I’d like to take this opportunity to discuss the past, present and future of the Pythonect Project.

Nearly 2 years ago I started working on Pythonect with the intention to help software developers to connect the dots and make mashup, rapid prototyping, and developing scalable distributed applications easy. Pythonect is a new, experimental, general-purpose dataflow programming language based on Python. It aims to combine the intuitive feel of shell scripting (and all of its perks like implicit parallelism) with the flexibility and agility of Python. Pythonect interpreter (and reference implementation) is a free and open source software written completely in Python, and is available under the BSD 3-Clause license.

Why Pythonect? Pythonect, being a dataflow programming language, treats data as something that originates from a source, flows through a number of processing components, and arrives at some final destination. As such, it is most suitable for creating applications that are themselves focused on the "flow" of data. Perhaps the most readily available example of a dataflow-oriented applications comes from the realm of real-time signal processing, e.g. a video signal processor which perhaps starts with a video input, modifies it through a number of processing components (video filters), and finally outputs it to a video display.

As with video, many applications can be expressed as a network of different components that are connected by a number of communication channels. The benefits, and perhaps the greatest incentives, of expressing an application this way is scalability and parallelism. The different components in the network can be maneuvered to create entirely unique dataflows without necessarily requiring the relationship to be hardcoded.
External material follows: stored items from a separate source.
(* Let $f_0:\mathbb{R}^n\to\mathbb{R}$ be lower semicontinuous, proper and strictly convex, let $\mathcal{Y}\subseteq\mathbb{R}^n$ be convex and compact, let $f=f_0+\delta_{\mathcal{Y}}$, and let $\mathbf{A}\in\mathbb{R}^{m\times n}$ with $m<n$ and $\operatorname{rank}\mathbf{A}=m$, and $\mathbf{b}\in\mathbb{R}^m$. Assume that for every $\bar{\mathbf{y}}\in\operatorname{bnd}\mathcal{Y}$ there exist a sequence $(\mathbf{y}_k)$ in $\mathcal{Y}$ with $\mathbf{y}_k\to\bar{\mathbf{y}}$ and subgradients $\boldsymbol{\nu}_k\in\partial f(\mathbf{y}_k)$ with $\limsup_k\|\boldsymbol{\nu}_k\|_2<\infty$. Let $\mathcal{V}=\operatorname{cl}\{\boldsymbol{\nu}\in\partial f_0(\mathbf{y}) \;|\; \mathbf{y}\in\operatorname{int}\mathcal{Y}\}$, and assume there exist $\boldsymbol{\nu}\in\mathbb{R}^n\setminus\operatorname{int}\mathcal{V}$ and $\boldsymbol{\eta}\in\mathbb{R}^n$ such that for all $\alpha\ge0$: $\boldsymbol{\nu}+\alpha\boldsymbol{\eta}\in\mathbb{R}^n\setminus\operatorname{int}\mathcal{V}$, $\nabla f^*(\boldsymbol{\nu}+\alpha\boldsymbol{\eta})$ does not depend on $\alpha$, and the ray $\{\boldsymbol{\nu}+\alpha\boldsymbol{\eta}\mid\alpha\ge0\}$ is contained in the range $R(\mathbf{A}^{\mathsf T})$ of $\mathbf{A}^{\mathsf T}$. Let $g:\mathbb{R}^m\to\mathbb{R}$ be the dual function $$g(\boldsymbol{\lambda})=\inf_{\mathbf{y}\in\mathbb{R}^n}\big(f(\mathbf{y})-\boldsymbol{\lambda}^{\mathsf T}(\mathbf{A}\mathbf{y}-\mathbf{b})\big)=-f^*(\mathbf{A}^{\mathsf T}\boldsymbol{\lambda})+\mathbf{b}^{\mathsf T}\boldsymbol{\lambda}.$$ Then there exist $\boldsymbol{\lambda}\in\mathbb{R}^m$ and $\boldsymbol{\mu}\in\mathbb{R}^m$ such that $\nabla g(\boldsymbol{\lambda}+\alpha\boldsymbol{\mu})$ is the same vector for all $\alpha\ge0$.
   Context: $\delta_{\mathcal{Y}}$ is the indicator function of $\mathcal{Y}$; $f^*(\boldsymbol{\nu})=\sup_{\mathbf{x}\in\operatorname{dom}f}(\boldsymbol{\nu}^{\mathsf T}\mathbf{x}-f(\mathbf{x}))$ is the convex conjugate of $f$, which under these hypotheses is finite and differentiable on $\mathbb{R}^n$ (so $g$ is differentiable). $\partial$ is the convex subdifferential; $\operatorname{cl},\operatorname{int},\operatorname{bnd}$ denote closure, interior, boundary. *)

From HB Require Import structures.
From mathcomp Require Import all_boot all_order all_algebra.
From mathcomp Require Import all_classical all_reals all_analysis.
Set Implicit Arguments. Unset Strict Implicit. Unset Printing Implicit Defensive.
Import Order.TTheory GRing.Theory Num.Theory.
Import numFieldNormedType.Exports.
Local Open Scope classical_set_scope.
Local Open Scope ring_scope.

Section Defs.
Variable R : realType.

Definition dotv n (u v : 'cV[R]_n) : R := \sum_(i < n) u i 0 * v i 0.
Definition norm2 n (v : 'cV[R]_n) : R := Num.sqrt (dotv v v).

Definition strictly_convex n (f : 'cV[R]_n -> R) :=
  forall x y (t : R), x != y -> 0 < t -> t < 1 ->
    f (t *: x + (1 - t) *: y) < t * f x + (1 - t) * f y.

Definition convex_setv n (Y : set 'cV[R]_n) :=
  forall x y (t : R), Y x -> Y y -> 0 <= t -> t <= 1 ->
    Y (t *: x + (1 - t) *: y).

Definition indic_sum n (f0 : 'cV[R]_n -> R) (Y : set 'cV[R]_n) :
  'cV[R]_n -> \bar R :=
  fun y => if `[< Y y >] then (f0 y)%:E else +oo%E.

Definition subdiff n (F : 'cV[R]_n -> \bar R) (y : 'cV[R]_n) : set 'cV[R]_n :=
  [set nu | F y \is a fin_num /\
            forall x, (F y + (dotv nu (x - y))%:E <= F x)%E].

(* convex conjugate  f^*(nu) = sup_{x in dom F} (nu^T x - F x), as a real number
   (it is finite under the hypotheses of the statement) *)
Definition conj_fun n (F : 'cV[R]_n -> \bar R) (nu : 'cV[R]_n) : R :=
  fine (ereal_sup [set ((dotv nu x)%:E - F x)%E | x in [set x | F x \is a fin_num]]).

Definition dual_fun m n (F : 'cV[R]_n -> \bar R) (A : 'M[R]_(m, n))
  (b : 'cV[R]_m) (lam : 'cV[R]_m) : R :=
  fine (ereal_inf [set (F y - (dotv lam (A *m y - b))%:E)%E | y in setT]).

Definition is_gradient n (F : 'cV[R]_n -> R) (x G : 'cV[R]_n) :=
  forall eps : R, 0 < eps -> exists2 delta : R, 0 < delta &
    forall h, norm2 h < delta ->
      `|F (x + h) - F x - dotv G h| <= eps * norm2 h.

End Defs.

From HB Require Import structures.
From mathcomp Require Import all_boot all_order all_algebra.
From mathcomp Require Import all_classical all_reals all_analysis.
From mathcomp Require Import lra ring.
Set Implicit Arguments. Unset Strict Implicit. Unset Printing Implicit Defensive.
Import Order.TTheory GRing.Theory Num.Theory.
Import numFieldNormedType.Exports.
Local Open Scope classical_set_scope.
Local Open Scope ring_scope.

(* Since [Y] is compact and [f0] is lower semicontinuous, [f = f0 + delta_Y]
   has a finite conjugate, and the dual function is
   [g lam = b^T lam - f^*(A^T lam)].  The ray [nu + alpha eta] lies in the
   range of [A^T]; writing [nu = A^T lam0] and [nu + eta = A^T lam1], the ray
   [lam0 + alpha (lam1 - lam0)] is mapped onto it by [A^T] and has a nonzero
   direction because [eta != 0].  By the chain rule, the gradient of [g] along
   it is [b - A G], where [G] is the constant gradient of [f^*] on the ray. *)

Lemma lsc_bounded_below_compact (R : realType) (T : topologicalType)
    (K : set T) (phi : T -> R) :
  compact K -> lower_semicontinuous (fun x => (phi x)%:E) ->
  exists M, forall x, K x -> M <= phi x.
Proof.
rewrite compact_near_coveringP => cov lsc.
have near_lb x : K x ->
    \forall x' \near x & M \near pinfty_nbhs R, - M < phi x'.
  move=> _; have : ((phi x - 1)%:E < (phi x)%:E)%E.
    by rewrite lte_fin ltrBlDr ltrDl.
  case/lsc => V Vx ltV; exists (V, [set M | 1 - phi x < M]) => /=.
    by split=> //; exists (1 - phi x); split; first exact: num_real.
  by case=> x' M /= [/ltV]; rewrite lte_fin; lra.
have [M [_ HM]] := cov R _ (fun M x => - M < phi x) _ near_lb.
exists (- (M + 1)) => x Kx.
by have := HM (M + 1) _ x Kx; rewrite ltrDl ltr01 => /(_ isT); lra.
Qed.

Lemma compact_norm_bounded (R : realType) (V : normedModType R) (Y : set V) :
  compact Y -> exists B, forall y, Y y -> `|y| <= B.
Proof.
move=> /compact_bounded [B [_ HB]].
by exists (B + 1) => y Yy; apply: HB Yy; rewrite ltrDl.
Qed.

Section EuclideanProduct.
Variable R : realType.

Lemma dotvC n (u v : 'cV[R]_n) : dotv u v = dotv v u.
Proof. by apply: eq_bigr => i _; rewrite mulrC. Qed.

Lemma dotvDl n (u w v : 'cV[R]_n) : dotv (u + w) v = dotv u v + dotv w v.
Proof. by rewrite /dotv -big_split; apply: eq_bigr => i _; rewrite mxE mulrDl. Qed.

Lemma dotvBr n (v u w : 'cV[R]_n) : dotv v (u - w) = dotv v u - dotv v w.
Proof. by rewrite /dotv -sumrB; apply: eq_bigr => i _; rewrite !mxE mulrBr. Qed.

Lemma dotv_mulmx m n (A : 'M[R]_(m, n)) lam y :
  dotv lam (A *m y) = dotv (A^T *m lam) y.
Proof.
rewrite /dotv; under eq_bigr do rewrite mxE big_distrr.
under [RHS]eq_bigr do rewrite mxE big_distrl.
rewrite exchange_big /=; apply: eq_bigr => j _; apply: eq_bigr => i _.
by rewrite mxE; ring.
Qed.

Lemma coord_le_mx_norm n (y : 'cV[R]_n) i : `|y i 0| <= `|y|.
Proof. by rewrite [`|y|]mx_normrE; apply: le_trans (le_bigmax _ _ (i, 0)). Qed.

Lemma dotv_le_mx_norm n (u v : 'cV[R]_n) :
  `|dotv u v| <= (\sum_i `|u i 0|) * `|v|.
Proof.
rewrite /dotv mulr_suml; apply: le_trans (ler_norm_sum _ _ _) _.
apply: ler_sum => i _; rewrite normrM; apply: ler_wpM2l => //.
exact: coord_le_mx_norm.
Qed.

Lemma norm2_ge0 n (v : 'cV[R]_n) : 0 <= norm2 v.
Proof. exact: sqrtr_ge0. Qed.

Lemma coord_le_norm2 n (v : 'cV[R]_n) i : `|v i 0| <= norm2 v.
Proof.
rewrite -sqrtr_sqr /norm2 /dotv; apply: ler_wsqrtr.
rewrite (bigD1 i) //= expr2 ler_wpDr //.
by apply: sumr_ge0 => j _; rewrite -expr2 sqr_ge0.
Qed.

Lemma norm2_le_sum_norm n (v : 'cV[R]_n) : norm2 v <= \sum_i `|v i 0|.
Proof.
have [sum_ge0 dot_le] : 0 <= \sum_i `|v i 0| /\
    dotv v v <= (\sum_i `|v i 0|) ^+ 2.
  rewrite /dotv; elim/big_rec2: _ => [|i s t _ [t_ge0 s_le]].
    by rewrite expr0n.
  split; first by rewrite addr_ge0.
  have vi_ge0 : 0 <= `|v i 0| by [].
  have -> : v i 0 * v i 0 = `|v i 0| ^+ 2 by rewrite real_normK ?num_real.
  nra.
by rewrite -(ger0_norm sum_ge0) -sqrtr_sqr; apply: ler_wsqrtr.
Qed.

Lemma norm2_mulmx_le m n (M : 'M[R]_(m, n)) :
  exists2 C, 0 < C & forall h, norm2 (M *m h) <= C * norm2 h.
Proof.
have sum_ge0 : 0 <= \sum_j \sum_i `|M j i|.
  by apply: sumr_ge0 => j _; apply: sumr_ge0.
exists (1 + \sum_j \sum_i `|M j i|) => [|h]; first lra.
apply: le_trans (norm2_le_sum_norm _) _.
apply: (@le_trans _ _ ((\sum_j \sum_i `|M j i|) * norm2 h)); last first.
  by rewrite ler_wpM2r ?norm2_ge0 // lerDr.
rewrite mulr_suml; apply: ler_sum => j _; rewrite mxE mulr_suml.
apply: le_trans (ler_norm_sum _ _ _) _; apply: ler_sum => i _.
by rewrite normrM ler_wpM2l //; apply: coord_le_norm2.
Qed.

End EuclideanProduct.

Section Gradient.
Variable R : realType.

Lemma is_gradient_comp_trmx m n (F : 'cV[R]_n -> R) (M : 'M[R]_(m, n)) x G :
  is_gradient F (M^T *m x) G -> is_gradient (fun l => F (M^T *m l)) x (M *m G).
Proof.
move=> gradF eps eps_gt0.
have [C C_gt0 normMT] := norm2_mulmx_le M^T.
have [d d_gt0 Hd] := gradF (eps / C) (divr_gt0 eps_gt0 C_gt0).
exists (d / C) => [|h h_lt]; first exact: divr_gt0.
have MTh_lt : norm2 (M^T *m h) < d.
  apply: le_lt_trans (normMT h) _.
  by rewrite -ltr_pdivlMl // mulrC.
have := Hd _ MTh_lt; rewrite mulmxDr dotv_mulmx trmxK => /le_trans; apply.
by rewrite -mulrA ler_pM2l // mulrC ler_pdivrMr // mulrC normMT.
Qed.

Lemma is_gradient_dotv_sub n (F : 'cV[R]_n -> R) (c x G : 'cV[R]_n) :
  is_gradient F x G -> is_gradient (fun l => dotv l c - F l) x (c - G).
Proof.
move=> gradF eps /gradF [d d_gt0 Hd]; exists d => // h /Hd Fh.
rewrite dotvDl (dotvC (c - G)) dotvBr (dotvC h c) (dotvC h G).
by rewrite [X in `|X|](_ : _ = - (F (x + h) - F x - dotv G h)) ?normrN //; ring.
Qed.

End Gradient.

Section IndicatorConjugate.
Variables (R : realType) (n : nat) (f0 : 'cV[R]_n -> R) (Y : set 'cV[R]_n).
Hypotheses (f0_lsc : lower_semicontinuous (fun y => (f0 y)%:E))
  (Y_compact : compact Y) (Y_neq0 : Y !=set0).

Lemma dotv_sub_bounded_above nu :
  exists c, forall y, Y y -> dotv nu y - f0 y <= c.
Proof.
have [lb f0_ge] := lsc_bounded_below_compact Y_compact f0_lsc.
have [B Y_le] := compact_norm_bounded Y_compact.
have sum_ge0 : 0 <= \sum_i `|nu i 0| by apply: sumr_ge0.
exists ((\sum_i `|nu i 0|) * B - lb) => y Yy.
have := ler_wpM2l sum_ge0 (Y_le y Yy).
have := dotv_le_mx_norm nu y; have := ler_norm (dotv nu y).
have := f0_ge y Yy; lra.
Qed.

Lemma conj_fun_indic_sumE nu :
  (conj_fun (indic_sum f0 Y) nu)%:E =
  ereal_sup [set (dotv nu y - f0 y)%:E | y in Y].
Proof.
rewrite /conj_fun; have -> : [set ((dotv nu x)%:E - indic_sum f0 Y x)%E
          | x in [set x | indic_sum f0 Y x \is a fin_num]] =
          [set (dotv nu y - f0 y)%:E | y in Y].
  rewrite /indic_sum; apply/seteqP; split=> _ [y /= Yy <-].
    by case: (asboolP (Y y)) Yy => // Yy _; exists y.
  by exists y; rewrite /= asboolT.
have [c ub] := dotv_sub_bounded_above nu; have [y0 Yy0] := Y_neq0.
rewrite fineK // fin_numElt; apply/andP; split.
  apply: (@lt_le_trans _ _ (dotv nu y0 - f0 y0)%:E); first exact: ltNyr.
  by apply: ereal_sup_ubound; exists y0.
apply: (@le_lt_trans _ _ c%:E); last exact: ltry.
by apply: ge_ereal_sup => _ [y Yy <-]; rewrite lee_fin ub.
Qed.

Lemma conj_fun_indic_sum_ge nu y :
  Y y -> dotv nu y - f0 y <= conj_fun (indic_sum f0 Y) nu.
Proof.
by move=> Yy; rewrite -lee_fin conj_fun_indic_sumE; apply: ereal_sup_ubound; exists y.
Qed.

Lemma conj_fun_indic_sum_approx nu e : 0 < e ->
  exists2 y, Y y & conj_fun (indic_sum f0 Y) nu - e < dotv nu y - f0 y.
Proof.
move=> e_gt0; have : ((conj_fun (indic_sum f0 Y) nu - e)%:E <
                      (conj_fun (indic_sum f0 Y) nu)%:E)%E.
  by rewrite lte_fin ltrBlDr ltrDl.
by rewrite conj_fun_indic_sumE => /ereal_sup_gt [_ [y Yy <-]]; exists y.
Qed.

Lemma dual_fun_indic_sumE m (A : 'M[R]_(m, n)) b :
  dual_fun (indic_sum f0 Y) A b =
  (fun lam => dotv lam b - conj_fun (indic_sum f0 Y) (A^T *m lam)).
Proof.
apply: funext => lam; rewrite /dual_fun.
set s := conj_fun _ _.
have dotvA y : dotv lam (A *m y - b) = dotv (A^T *m lam) y - dotv lam b.
  by rewrite dotvBr dotv_mulmx.
suff -> : ereal_inf [set (indic_sum f0 Y y - (dotv lam (A *m y - b))%:E)%E
                    | y in setT] = (dotv lam b - s)%:E by [].
apply/le_anti/andP; split.
  apply/lee_addgt0Pr => e /(conj_fun_indic_sum_approx (A^T *m lam)) [y Yy lt_y].
  apply: le_trans (ereal_inf_lbound _) _; first by exists y.
  by move: lt_y; rewrite /indic_sum asboolT // -!EFinD lee_fin dotvA -/s; lra.
apply: le_ereal_inf_tmp => _ [y _ <-]; rewrite /indic_sum.
case: (asboolP (Y y)) => [Yy|_]; last by rewrite leey.
have := conj_fun_indic_sum_ge (A^T *m lam) Yy.
by rewrite -EFinD lee_fin dotvA -/s; lra.
Qed.

End IndicatorConjugate.

Theorem corollary1 (R : realType) (m n : nat)
  (f0 : 'cV[R]_n -> R) (Y : set 'cV[R]_n)
  (A : 'M[R]_(m, n)) (b : 'cV[R]_m)
  (Hf0lsc : lower_semicontinuous (fun y => (f0 y)%:E))
  (Hf0sc : strictly_convex f0)
  (HYconv : convex_setv Y) (HYcpt : compact Y) (HYne : Y !=set0)
  (Hmn : (m < n)%N) (HrkA : \rank A = m)
  (Hbnd : forall ybar, (closure Y `\` Y°) ybar ->
     exists (yk nuk : nat -> 'cV[R]_n),
       [/\ forall k, Y (yk k),
           yk @ \oo --> ybar,
           forall k, subdiff (indic_sum f0 Y) (yk k) (nuk k)
         & exists M : R, \forall k \near \oo, norm2 (nuk k) <= M])
  (nu eta : 'cV[R]_n)
  (Heta : eta != 0)
  (Hray : forall alpha : R, 0 <= alpha ->
     ~ (closure [set v | exists2 y, Y° y & subdiff (fun x => (f0 x)%:E) y v])°
         (nu + alpha *: eta)
     /\ (exists lam : 'cV[R]_m, nu + alpha *: eta = A^T *m lam))
  (Hgradconst : exists G : 'cV[R]_n, forall alpha : R, 0 <= alpha ->
     is_gradient (conj_fun (indic_sum f0 Y)) (nu + alpha *: eta) G) :
  exists (lam mu : 'cV[R]_m), mu != 0 /\
    exists G : 'cV[R]_m, forall alpha : R, 0 <= alpha ->
      is_gradient (dual_fun (indic_sum f0 Y) A b) (lam + alpha *: mu) G.
Proof.
have [_ [lam0]] := Hray 0 (lexx 0); rewrite scale0r addr0 => nuE.
have [_ [lam1]] := Hray 1 ler01; rewrite scale1r => nu_etaE.
have etaE : eta = A^T *m (lam1 - lam0).
  by rewrite mulmxBr -nu_etaE -nuE (addrC nu eta) addrK.
have rayE alpha : A^T *m (lam0 + alpha *: (lam1 - lam0)) = nu + alpha *: eta.
  by rewrite mulmxDr -scalemxAr -etaE -nuE.
exists lam0, (lam1 - lam0); split.
  by apply: contraNneq Heta => mu0; rewrite etaE mu0 mulmx0.
have [G gradG] := Hgradconst.
exists (b - A *m G) => alpha alpha_ge0.
rewrite dual_fun_indic_sumE //.
apply: is_gradient_dotv_sub; apply: is_gradient_comp_trmx.
by rewrite rayE; apply: gradG.
Qed.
Also, the design and concept of components make it easier to run on distributed systems and parallel processors.

Here is the canonical "Hello, world" example program in Pythonect:
"Hello, world" -> print
And here is the canonical "Hello, world" multi-threaded example program in Pythonect:
"Hello, world" -> [print, print]
Not to mention that you can go from multi-threaded to multi-processed as easy as:
"Hello, world" -> [print &, print &]
Or remotely call a procedure using XML-RPC:
"Hello, world" -> print@xmlrpc://localhost:8081
The language couldn't possibly be simpler...
Okay, so what's new you're asking? *I was wrong*, it can be simpler, and it is in Pythonect version 0.6 :-)

In Pythonect 0.6.0 I have re-written the engine and some large parts of the backend. Pythonect is now using graph (NetworkX. DiGraph) as its data structure, and it's also supporting multiple file formats as an input. Currently, Pythonect (since version 0.6) supports 3 file formats:
  • *.P2Y (text-based scripting language aims to combine the quick and intuitive feel of shell scripting, with the power of Python)
  • *.DIA (visual programming language enabled by Dia)
  • *.VDX (visual programming language enabled by Microsoft Visio XML)
In other words:


is equal to:
"Hello, world" -> print
And vice versa. You can launch (almost) any graph/diagram editor and save a graph/diagram as *.VDX or *.DIA format and Pythonet will be able to parse and run it (even if it's gzipped!). Curious to see how a multi-threading/processing graph looks like? See below!


Yup, it's that simple. One node with two edges. The graph above is equal to:
"Hello, world" -> [print, print]
Which is the canonical "Hello, world" multi-threaded example program. Now, another issue that I have addressed in this release is the reduce functionally.
The famous reduce from big data. Let's say that we want to write a program that will add one to every integer input and eventually sum all the results:
[1,2,3] -> _ + 1 -> sum -> print
The above example won't work because Pythonect maps (think MapReduce) each iterable value to its own thread, so the sum function will actually receive 2, 3, 4 separately and not as a list. A workaround for this will be:
sum(`[1,2,3] -> _+1`) -> print
But with the new reduce functionally in Python 0.6, it is as easy as:
[1,2,3] -> _ + 1 -> sum(_!) -> print
By using the _! Identifier, the Pythonect interrupter will automatically join all the values (and threads/processes) into a single list and pass it to the Python function without any prerequisites. The same applies when using a graph:


is equal to:
[1,2,3] -> _ + 1 -> sum(_!) -> print
Now let's talk about the future of Pythonect. Here's a link to the TODO list, where you can find future directions. In a nutshell, more graphs, more Python implementation support, and more Service-oriented architecture (SOA).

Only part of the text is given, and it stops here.